What to work on >> Please restate, word for word, the lines below that begin at the one with "gnorm2 (gsub (hshift" and end at the one with "apply: (cf_mul (j'.+1%:Z". Leave out all other lines.

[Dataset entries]
Lemma chord_free_l1dist (d : int) (k a b : nat) : 0 < d -> chord_free d ->
  (a <= m)%N -> (b <= m)%N -> (k <= l1dist (z a) (hshift (z b) (k%:Z * d)))%N.
Proof.
move=> d_gt0 cf am bm; have [ip [iq [ip_m iq_m highest lowest]]] := extreme_heights.
have cf_mul j : j != 0 -> chord_free (j * d) := chord_free_mulz d_gt0 cf.
have strip_of i : (i <= m)%N -> (z iq).2 <= (z i).2 <= (z ip).2.
  by move=> im; rewrite lowest ?highest.
case: k => [//|k]; set l := l1dist _ _.
have [v [v0 vl steps strip]] := lattice_path (erefl l) (strip_of a am) (strip_of b bm).
case E : l vl steps strip => [|l'] vl steps strip.
  by rewrite v0 in vl; case: (cf_mul k.+1%:Z isT b a bm am).
suff: (k <= l')%N by [].
pose meets (j : 'I_k) (i : 'I_l') := on_path (hshift (v i.+1) (- j.+1%:Z * d)).
apply: (@leq_of_injective_rel _ _ meets) => [j|i j j'].
- set c := - j.+1%:Z * d; set c' := (k.+1%:Z - j.+1%:Z) * d.
  have shifted_steps i : (i < l'.+1)%N ->
      gnorm2 (gsub (hshift (v i.+1) c) (hshift (v i) c)) = 1.
    by move=> il; rewrite gsub_hshift steps.
  have c_lt0 : c < 0 by rewrite /c mulNr oppr_lt0 mulr_gt0.
  have j_lt := ltn_ord j.
  have c'_gt0 : 0 < c' by rewrite mulr_gt0 // subr_gt0 ltz_nat ltnS.
  have cf_c : chord_free c by apply: cf_mul; lia.
  have cf_c' : chord_free c' by apply: cf_mul; lia.
  have start : hshift (v 0) c = hshift (z a) c by rewrite v0.
  have stop : hshift (v l'.+1) c = hshift (z b) c'.
    by rewrite vl hshiftD /c /c' mulNr mulrBl.
  have [i /andP[i_gt0 i_lt] meets_i] := translate_meets ip_m iq_m highest lowest
    (v := fun i => hshift (v i) c) shifted_steps strip am bm c_lt0 c'_gt0 cf_c cf_c'
    start stop.
  case: i i_gt0 i_lt meets_i => [//|i] _ i_lt meets_i.
  by exists (Ordinal (i_lt : (i < l')%N)).
- move=> /on_pathP[a' a'm za'] /on_pathP[b' b'm zb']; apply: ord_inj; apply/eqP/negP => jj'.
  apply: (cf_mul (j'.+1%:Z - j.+1%:Z) _ b' a' b'm a'm); first by lia.
  by rewrite za' zb' hshiftD !mulNr mulrBl addrA addNr sub0r.
Qed.

End LatticePath.

Theorem mainTheorem5 (n d : nat) (h : int) (m : nat) (z : nat -> gauss) :
  (0 < d)%N ->
  (forall j : nat, (j < m)%N -> gnorm2 (gsub (z j.+1) (z j)) = 1) ->
  (exists j1 j2 : nat, [/\ (j1 <= m)%N, (j2 <= m)%N &
       gsub (z j2) (z j1) = (n%:Z, h)]) ->
  `|rq n d| + `|h| + 1 <= kq n d ->
  exists j3 j4 : nat, [/\ (j3 <= m)%N, (j4 <= m)%N &
       gsub (z j3) (z j4) = (d%:Z, 0)].
Proof.
move=> d_gt0 unit_steps [j1 [j2 [j1m j2m z12]]] k_big.
apply: (chord_of_not_chord_free (c := d%:Z)) => cf.
have d_pos : 0 < d%:Z by rewrite ltz_nat.
have := chord_free_l1dist unit_steps `|kq n d|%N d_pos cf j2m j1m.
move: z12 k_big; rewrite /gsub /l1dist /hshift /rq => -[z12_1 z12_2] k_big /=.
set K := kq n d in k_big *; lia.
Qed.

Exercise output >>
      gnorm2 (gsub (hshift (v i.+1) c) (hshift (v i) c)) = 1.
    by move=> il; rewrite gsub_hshift steps.
  have c_lt0 : c < 0 by rewrite /c mulNr oppr_lt0 mulr_gt0.
  have j_lt := ltn_ord j.
  have c'_gt0 : 0 < c' by rewrite mulr_gt0 // subr_gt0 ltz_nat ltnS.
  have cf_c : chord_free c by apply: cf_mul; lia.
  have cf_c' : chord_free c' by apply: cf_mul; lia.
  have start : hshift (v 0) c = hshift (z a) c by rewrite v0.
  have stop : hshift (v l'.+1) c = hshift (z b) c'.
    by rewrite vl hshiftD /c /c' mulNr mulrBl.
  have [i /andP[i_gt0 i_lt] meets_i] := translate_meets ip_m iq_m highest lowest
    (v := fun i => hshift (v i) c) shifted_steps strip am bm c_lt0 c'_gt0 cf_c cf_c'
    start stop.
  case: i i_gt0 i_lt meets_i => [//|i] _ i_lt meets_i.
  by exists (Ordinal (i_lt : (i < l')%N)).
- move=> /on_pathP[a' a'm za'] /on_pathP[b' b'm zb']; apply: ord_inj; apply/eqP/negP => jj'.
  apply: (cf_mul (j'.+1%:Z - j.+1%:Z) _ b' a' b'm a'm); first by lia.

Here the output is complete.